» **Collected data**:
BEGIN
(* Let $n$ be a positive integer and let $p_1,\dots,p_r$ be pairwise coprime positive integers, and $m=\prod_{i=1}^r p_i$. Then $P(m,n)=\mathrm{lcm}\left(P(p_1,n),\dots,P(p_r,n)\right)$.
   Context: For positive integers $m,n$, let $\mathbf{Z}_m$ be the integers modulo $m$ and $T:\mathbf{Z}_m^n\to\mathbf{Z}_m^n$, $T(a_0,\dots,a_{n-1})=(a_0+a_1,a_1+a_2,\dots,a_{n-1}+a_0)$. For $\mathbf{a}\in\mathbf{Z}_m^n$ the cycle length of $(T^k\mathbf{a})_{k\ge0}$ is the smallest positive integer $P$ such that there is $N$ with $T^{k+P}\mathbf{a}=T^k\mathbf{a}$ for all $k\ge N$. $P(m,n)$ denotes the maximum of these cycle lengths over all $\mathbf{a}\in\mathbf{Z}_m^n$. *)

From mathcomp Require Import all_boot.
Set Implicit Arguments. Unset Strict Implicit. Unset Printing Implicit Defensive.

(* Elements of (Z_m)^n are represented as finite functions a : 'I_n -> nat
   whose entries are the canonical residues, i.e. a i < m. *)
Definition is_vec (m n : nat) (a : {ffun 'I_n -> nat}) : Prop :=
  forall i, a i < m.

Definition Tmap (m n : nat) (a : {ffun 'I_n -> nat}) : {ffun 'I_n -> nat} :=
  [ffun i => (a i + a (ordS i)) %% m].

Definition is_eventual_period (m n : nat) (a : {ffun 'I_n -> nat}) (P : nat) : Prop :=
  0 < P /\ exists N, forall k, N <= k ->
    iter (k + P) (@Tmap m n) a = iter k (@Tmap m n) a.

Definition cycle_length (m n : nat) (a : {ffun 'I_n -> nat}) (P : nat) : Prop :=
  @is_eventual_period m n a P /\
  forall Q, @is_eventual_period m n a Q -> P <= Q.

(* Pmax m n q  <->  q = P(m,n), the maximum cycle length over all a in Z_m^n. *)
Definition Pmax (m n q : nat) : Prop :=
  (exists a, @is_vec m n a /\ @cycle_length m n a q) /\
  (forall a Q, @is_vec m n a -> @cycle_length m n a Q -> Q <= q).

(* Over the integers the map U(a)_i = a_i + a_(i+1) is linear and commutes with
   the cyclic shift, and every unit vector is a shift of any other.  Hence an
   eventual period of the orbit of a unit vector modulo d is an eventual period
   of every orbit modulo d: P(d,n) is the least eventual period of a unit vector,
   and every cycle length modulo d divides it.  By the Chinese remainder theorem
   a positive P is an eventual period modulo m = p_1 ... p_r iff it is one modulo
   each p_i, so the eventual periods of a unit vector modulo m are exactly the
   positive multiples of lcm(P(p_1,n), ..., P(p_r,n)). *)

From mathcomp Require Import all_boot.
From Stdlib Require Import Classical.
From mathcomp Require Import zify.
Set Implicit Arguments. Unset Strict Implicit. Unset Printing Implicit Defensive.

Section EventualPeriod.
Variables (X : Type) (x : nat -> X).

Definition eventual_period (P : nat) : Prop :=
  0 < P /\ exists N, forall k, N <= k -> x (k + P) = x k.

Definition least_eventual_period (c : nat) : Prop :=
  eventual_period c /\ forall Q, eventual_period Q -> c <= Q.

Lemma eventual_periodD P Q :
  eventual_period P -> eventual_period Q -> eventual_period (P + Q).
Proof.
move=> [P_gt0 [N hN]] [Q_gt0 [M hM]]; split; first by rewrite addn_gt0 P_gt0.
exists (maxn N M) => k; rewrite geq_max => /andP[le_Nk le_Mk].
rewrite addnA hM; first exact: hN.
exact: leq_trans le_Mk (leq_addr _ _).
Qed.

Lemma eventual_periodB P Q :
  Q < P -> eventual_period P -> eventual_period Q -> eventual_period (P - Q).
Proof.
move=> lt_QP [_ [N hN]] [_ [M hM]]; split; first by rewrite subn_gt0.
exists (maxn N M) => k; rewrite geq_max => /andP[le_Nk le_Mk].
rewrite -[LHS]hM; last exact: leq_trans le_Mk (leq_addr _ _).
by rewrite -addnA subnK ?hN // ltnW.
Qed.

Lemma eventual_period_dvd c P :
  0 < P -> c %| P -> eventual_period c -> eventual_period P.
Proof.
move=> P_gt0 /dvdnP[k def_P] hc; rewrite {}def_P in P_gt0 *.
case: k P_gt0 => // k _; elim: k => [|k IH]; first by rewrite mul1n.
by rewrite mulSn; apply: eventual_periodD.
Qed.

Lemma least_eventual_period_dvd c P :
  least_eventual_period c -> eventual_period P -> c %| P.
Proof.
case=> hc c_min; elim/ltn_ind: P => P IH hP.
have := c_min P hP; rewrite leq_eqVlt => /orP[/eqP-> | lt_cP]; first exact: dvdnn.
rewrite -(subnK (ltnW lt_cP)) dvdn_addl ?dvdnn //; apply: IH.
  by rewrite ltn_subrL; case: hc => ->; case: hP.
exact: eventual_periodB.
Qed.

Lemma least_eventual_periodP c :
  least_eventual_period c -> forall Q, eventual_period Q <-> 0 < Q /\ c %| Q.
Proof.
move=> hc Q; split=> [hQ | [Q_gt0 c_dvd_Q]].
  by split; [case: hQ | exact: least_eventual_period_dvd hQ].
exact: eventual_period_dvd c_dvd_Q hc.1.
Qed.

Lemma least_eventual_period_multiples c : 0 < c ->
  (forall Q, eventual_period Q <-> 0 < Q /\ c %| Q) -> least_eventual_period c.
Proof.
move=> c_gt0 hmul; split; first by apply/hmul; rewrite c_gt0 dvdnn.
by move=> Q /hmul[Q_gt0 c_dvd_Q]; apply: dvdn_leq.
Qed.

Lemma ex_least_eventual_period P :
  eventual_period P -> exists c, least_eventual_period c.
Proof.
elim/ltn_ind: P => P IH hP.
have [[Q [hQ lt_QP]] | no_smaller] := classic (exists Q, eventual_period Q /\ Q < P).
  exact: IH hQ.
exists P; split=> // Q hQ; rewrite leqNgt; apply/negP => lt_QP.
by apply: no_smaller; exists Q.
Qed.

End EventualPeriod.

Lemma eq_eventual_period X (x y : nat -> X) P :
  x =1 y -> eventual_period x P <-> eventual_period y P.
Proof.
move=> eq_xy; split=> -[P_gt0 [N hN]]; split=> //; exists N => k le_Nk.
  by rewrite -!eq_xy hN.
by rewrite !eq_xy hN.
Qed.

Lemma eq_least_eventual_period X (x y : nat -> X) c :
  x =1 y -> least_eventual_period x c <-> least_eventual_period y c.
Proof.
move=> eq_xy; rewrite /least_eventual_period (eq_eventual_period _ eq_xy).
by split=> -[hc c_min]; split=> // Q /(eq_eventual_period _ eq_xy); apply: c_min.
Qed.

Lemma eventual_period_comp X Y (h : X -> Y) (x : nat -> X) P :
  eventual_period x P -> eventual_period (h \o x) P.
Proof. by case=> P_gt0 [N hN]; split=> //; exists N => k /hN /= ->. Qed.

Lemma eventual_period_joint (I : finType) X Y (h : I -> X -> Y) (x : nat -> X) P :
  (forall k l, (forall i, h i (x k) = h i (x l)) -> x k = x l) -> 0 < P ->
  (forall i, eventual_period (h i \o x) P) -> eventual_period x P.
Proof.
move=> h_joint P_gt0 hP; split=> //.
have /fin_all_exists[N hN] :
    forall i, exists N : nat, forall k, N <= k -> h i (x (k + P)) = h i (x k).
  by move=> i; case: (hP i).
exists (\max_i N i) => k le_Nk; apply: h_joint => i.
exact: hN (leq_trans (leq_bigmax i) le_Nk).
Qed.

Lemma iter_eventual_period T (g : T -> T) (a : T) i j : i < j ->
  iter i g a = iter j g a -> eventual_period (fun k => iter k g a) (j - i).
Proof.
move=> lt_ij eq_ij; split; first by rewrite subn_gt0.
exists i => k le_ik; have -> : k + (j - i) = (k - i) + j by lia.
by rewrite iterD -eq_ij -iterD subnK.
Qed.

Lemma finType_seq_repeats (S : finType) (y : nat -> S) :
  exists i j, i < j /\ y i = y j.
Proof.
pose z (k : 'I_#|S|.+1) := y k.
have /injectivePn[i [j neq_ij eq_ij]] : ~~ injectiveb z.
  by apply/injectiveP => /leq_card; rewrite card_ord ltnn.
case: (ltngtP i j) => [lt_ij | lt_ji | /val_inj eq_ij'].
- by exists i, j.
- by exists j, i.
- by rewrite eq_ij' eqxx in neq_ij.
Qed.

Section CoprimeProduct.
Variables (r : nat) (p : 'I_r -> nat).
Hypothesis p_coprime : forall i j, i != j -> coprime (p i) (p j).

Lemma prod_coprime_dvdn z : (forall i, p i %| z) -> \prod_i p i %| z.
Proof.
elim: r p p_coprime => [|r' IH] p' p'_coprime p'_dvd; first by rewrite big_ord0 dvd1n.
have lift_neq (i j : 'I_r') :
    i != j -> widen_ord (leqnSn r') i != widen_ord (leqnSn r') j.
  by apply: contra => /eqP/(congr1 val) eq_ij; apply/eqP/val_inj.
rewrite big_ord_recr /= Gauss_dvd ?p'_dvd ?andbT.
  by apply: IH => [i j /lift_neq /p'_coprime | i]; last exact: p'_dvd.
apply: (big_ind (coprime^~ _)) => [|a b ha hb|i _]; first exact: coprime1n.
  by rewrite coprimeMl ha hb.
by apply: p'_coprime; rewrite -(inj_eq val_inj) /= neq_ltn ltn_ord.
Qed.

Lemma eqn_mod_prod a b : (forall i, a = b %[mod p i]) -> a = b %[mod \prod_i p i].
Proof.
wlog le_ba : a b / b <= a => [hwlog eq_ab|eq_ab].
  case: (leqP b a) => [|/ltnW] le; first exact: hwlog.
  by symmetry; apply: hwlog => // i; rewrite eq_ab.
apply/eqP; rewrite eqn_mod_dvd //; apply: prod_coprime_dvdn => i.
by rewrite -eqn_mod_dvd // eq_ab.
Qed.

End CoprimeProduct.

Section Ducci.
Variable n : nat.
Implicit Types (d : nat) (f g : {ffun 'I_n -> nat}).

Definition ducci f : {ffun 'I_n -> nat} := [ffun i => f i + f (ordS i)].

Definition vmod d f : {ffun 'I_n -> nat} := [ffun i => f i %% d].

Definition unitv (j : 'I_n) : {ffun 'I_n -> nat} := [ffun i => (i == j) : nat].

Definition rotv f : {ffun 'I_n -> nat} := [ffun i => f (ord_pred i)].

Definition ducci_orbit d f (k : nat) := iter k (@Tmap d n) (vmod d f).

Lemma vmod_is_vec d f : 0 < d -> is_vec d (vmod d f).
Proof. by move=> d_gt0 i; rewrite ffunE ltn_pmod. Qed.

Lemma vmod_small d f : is_vec d f -> vmod d f = f.
Proof. by move=> f_vec; apply/ffunP => i; rewrite ffunE modn_small. Qed.

Lemma vmod_dvd d m f : d %| m -> vmod d (vmod m f) = vmod d f.
Proof. by move=> d_dvd_m; apply/ffunP => i; rewrite !ffunE modn_dvdm. Qed.

Lemma ducci_orbitE d f k : ducci_orbit d f k = vmod d (iter k ducci f).
Proof.
by elim: k => //= k ->; apply/ffunP => i; rewrite !ffunE modnDm.
Qed.

Lemma ducci_orbit_dvd d m f k :
  d %| m -> ducci_orbit d f k = vmod d (ducci_orbit m f k).
Proof. by move=> d_dvd_m; rewrite !ducci_orbitE vmod_dvd. Qed.

Lemma iter_ducci_linear k f i :
  iter k ducci f i = \sum_j f j * iter k ducci (unitv j) i.
Proof.
elim: k i => [|k IH] i /=.
  rewrite (bigD1 i) //= big1 => [|j /negbTE neq_ji].
    by rewrite ffunE eqxx muln1 addn0.
  by rewrite ffunE eq_sym neq_ji muln0.
rewrite ffunE !IH -big_split; apply: eq_bigr => j _.
by rewrite ffunE mulnDr.
Qed.

Lemma ducci_orbit_linear d f k i :
  ducci_orbit d f k i = (\sum_j f j * ducci_orbit d (unitv j) k i) %% d.
Proof.
rewrite ducci_orbitE ffunE iter_ducci_linear -[LHS]modn_summ -[RHS]modn_summ.
congr (_ %% _); apply: eq_bigr => j _.
by rewrite ducci_orbitE ffunE modnMmr.
Qed.

Lemma Tmap_rotv d f : Tmap d (rotv f) = rotv (Tmap d f).
Proof. by apply/ffunP => i; rewrite !ffunE ordSK ord_predK. Qed.

Lemma ducci_orbit_iter_rotv d f t k :
  ducci_orbit d (iter t rotv f) k = iter t rotv (ducci_orbit d f k).
Proof.
have vmod_rotv g : vmod d (rotv g) = rotv (vmod d g) by apply/ffunP => i; rewrite !ffunE.
have iter_Tmap_rotv g : iter k (@Tmap d n) (rotv g) = rotv (iter k (@Tmap d n) g).
  by elim: k => //= k ->; rewrite Tmap_rotv.
by elim: t => //= t <-; rewrite /ducci_orbit vmod_rotv iter_Tmap_rotv.
Qed.

Lemma unitv_iter_rotv (i j : 'I_n) : exists t, unitv i = iter t rotv (unitv j).
Proof.
have rotv_unitv (l : 'I_n) : rotv (unitv l) = unitv (ordS l).
  apply/ffunP => i'; rewrite !ffunE; congr (nat_of_bool _).
  by apply/eqP/eqP => [<- | ->]; rewrite ?ord_predK ?ordSK.
have val_iter_ordS t : val (iter t (@ordS n) j) = (j + t) %% n.
  elim: t => [|t IH] /=; first by rewrite addn0 modn_small.
  by rewrite IH -addn1 modnDml addn1 addnS.
have iter_rotv_unitv t : iter t rotv (unitv j) = unitv (iter t (@ordS n) j).
  by elim: t => //= t ->; rewrite rotv_unitv.
exists (i + n - j); rewrite iter_rotv_unitv; congr unitv.
apply: val_inj; rewrite val_iter_ordS.
have -> : j + (i + n - j) = i + n by have := ltn_ord j; lia.
by rewrite modnDr modn_small.
Qed.

Lemma unitv_period_ducci_orbit d (j : 'I_n) P f :
  eventual_period (ducci_orbit d (unitv j)) P -> eventual_period (ducci_orbit d f) P.
Proof.
case=> P_gt0 [N hN]; split=> //; exists N => k le_Nk.
have unitv_periodic i : ducci_orbit d (unitv i) (k + P) = ducci_orbit d (unitv i) k.
  by have [t ->] := unitv_iter_rotv i j; rewrite !ducci_orbit_iter_rotv hN.
apply/ffunP => i; rewrite [LHS]ducci_orbit_linear [RHS]ducci_orbit_linear.
by under eq_bigr => l _ do rewrite unitv_periodic.
Qed.

Lemma ducci_orbit_eventually_periodic d f :
  0 < d -> exists P, eventual_period (ducci_orbit d f) P.
Proof.
move=> d_gt0.
pose code k : {ffun 'I_n -> 'I_d} :=
  [ffun i => Ordinal (ltn_pmod (iter k ducci f i) d_gt0)].
have [i [j [lt_ij eq_ij]]] := finType_seq_repeats code.
exists (j - i); apply: iter_eventual_period lt_ij _.
rewrite -/(ducci_orbit d f i) -/(ducci_orbit d f j) !ducci_orbitE.
apply/ffunP => l; have := congr1 (fun c : {ffun 'I_n -> 'I_d} => val (c l)) eq_ij.
by rewrite /= !ffunE.
Qed.

Lemma cycle_lengthE m a P : is_vec m a ->
  cycle_length m a P <-> least_eventual_period (ducci_orbit m a) P.
Proof.
move=> a_vec; apply: (eq_least_eventual_period (x := fun k => iter k (@Tmap m n) a)).
by move=> k; rewrite /ducci_orbit vmod_small.
Qed.

Lemma cycle_length_vmod d f P :
  cycle_length d (vmod d f) P <-> least_eventual_period (ducci_orbit d f) P.
Proof. by []. Qed.

Lemma Pmax_least_period_unitv d q (j : 'I_n) : 0 < d -> Pmax d n q ->
  least_eventual_period (ducci_orbit d (unitv j)) q.
Proof.
move=> d_gt0 [[b [b_vec /(cycle_lengthE _ b_vec) b_least]] q_max].
have [P /ex_least_eventual_period[E E_least]] :=
  ducci_orbit_eventually_periodic (unitv j) d_gt0.
have le_Eq : E <= q.
  by apply: (q_max _ _ (vmod_is_vec (unitv j) d_gt0)); apply/cycle_length_vmod.
have q_dvd_E : q %| E.
  by apply: least_eventual_period_dvd b_least (unitv_period_ducci_orbit _ E_least.1).
have E_gt0 : 0 < E by case: E_least => -[].
have -> : q = E by apply/eqP; rewrite eqn_leq le_Eq dvdn_leq.
exact: E_least.
Qed.

Lemma ducci_orbit_period_prod r (p : 'I_r -> nat) f P :
  (forall i j, i != j -> coprime (p i) (p j)) ->
  eventual_period (ducci_orbit (\prod_i p i) f) P <->
  0 < P /\ forall i, eventual_period (ducci_orbit (p i) f) P.
Proof.
move=> p_coprime; have p_dvd i : p i %| \prod_i p i by rewrite (bigD1 i) ?dvdn_mulr.
split=> [hP | [P_gt0 hP]].
  split=> [|i]; first by case: hP.
  apply/(eq_eventual_period _ (fun k => ducci_orbit_dvd f k (p_dvd i))).
  exact: eventual_period_comp.
apply: (eventual_period_joint (h := fun i => vmod (p i))) => // [k l eq_kl | i].
  rewrite !ducci_orbitE; apply/ffunP => t; rewrite !ffunE.
  apply: eqn_mod_prod => // i; have /ffunP/(_ t) := eq_kl i.
  by rewrite !ducci_orbitE !vmod_dvd // !ffunE.
by apply/(eq_eventual_period _ (fun k => esym (ducci_orbit_dvd f k (p_dvd i)))).
Qed.

End Ducci.

Theorem theorem3p2 (n r : nat) (p : 'I_r -> nat) (q : 'I_r -> nat) :
  0 < n ->
  (forall i, 0 < p i) ->
  (forall i j, i != j -> coprime (p i) (p j)) ->
  (forall i, Pmax (p i) n (q i)) ->
  Pmax (\prod_(i < r) p i) n (\big[lcmn/1]_(i < r) q i).
Proof.
move=> n_gt0 p_gt0 p_coprime q_Pmax.
set m := \prod_(i < r) p i; set L := \big[lcmn/1]_(i < r) q i.
have m_gt0 : 0 < m by apply: prodn_gt0.
pose j : 'I_n := Ordinal n_gt0.
have q_least i := Pmax_least_period_unitv j (p_gt0 i) (q_Pmax i).
have L_gt0 : 0 < L.
  apply: (big_ind (leq 1)) => // [a b a_gt0 b_gt0 | i _]; first by rewrite lcmn_gt0 a_gt0.
  by case: (q_least i) => -[].
have L_least : least_eventual_period (ducci_orbit m (unitv j)) L.
  apply: least_eventual_period_multiples => // Q.
  rewrite ducci_orbit_period_prod //; split=> -[Q_gt0 hQ]; split=> //.
    by apply/dvdn_biglcmP => i _; apply: least_eventual_period_dvd (q_least i) (hQ i).
  move=> i; apply/(least_eventual_periodP (q_least i)); split=> //.
  by apply: dvdn_trans hQ; apply: (biglcmn_sup i).
split.
  exists (vmod m (unitv j)).
  by split; [exact: vmod_is_vec | apply/cycle_length_vmod].
move=> a Q a_vec /(cycle_lengthE _ a_vec) a_least; apply: dvdn_leq L_gt0 _.
exact: least_eventual_period_dvd a_least (unitv_period_ducci_orbit _ L_least.1).
Qed.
END
Report all lines of the data above that include the string "case".

» **SOLVED EXERCISE**:
case: k P_gt0 => // k _; elim: k => [|k IH]; first by rewrite mul1n.
case=> hc c_min; elim/ltn_ind: P => P IH hP.
  by rewrite ltn_subrL; case: hc => ->; case: hP.
  by split; [case: hQ | exact: least_eventual_period_dvd hQ].
Proof. by case=> P_gt0 [N hN]; split=> //; exists N => k /hN /= ->. Qed.
  by move=> i; case: (hP i).
case: (ltngtP i j) => [lt_ij | lt_ji | /val_inj eq_ij'].
  case: (leqP b a) => [|/ltnW] le; first exact: hwlog.
case=> P_gt0 [N hN]; split=> //; exists N => k le_Nk.
have E_gt0 : 0 < E by case: E_least => -[].
  split=> [|i]; first by case: hP.
  by case: (q_least i) => -[].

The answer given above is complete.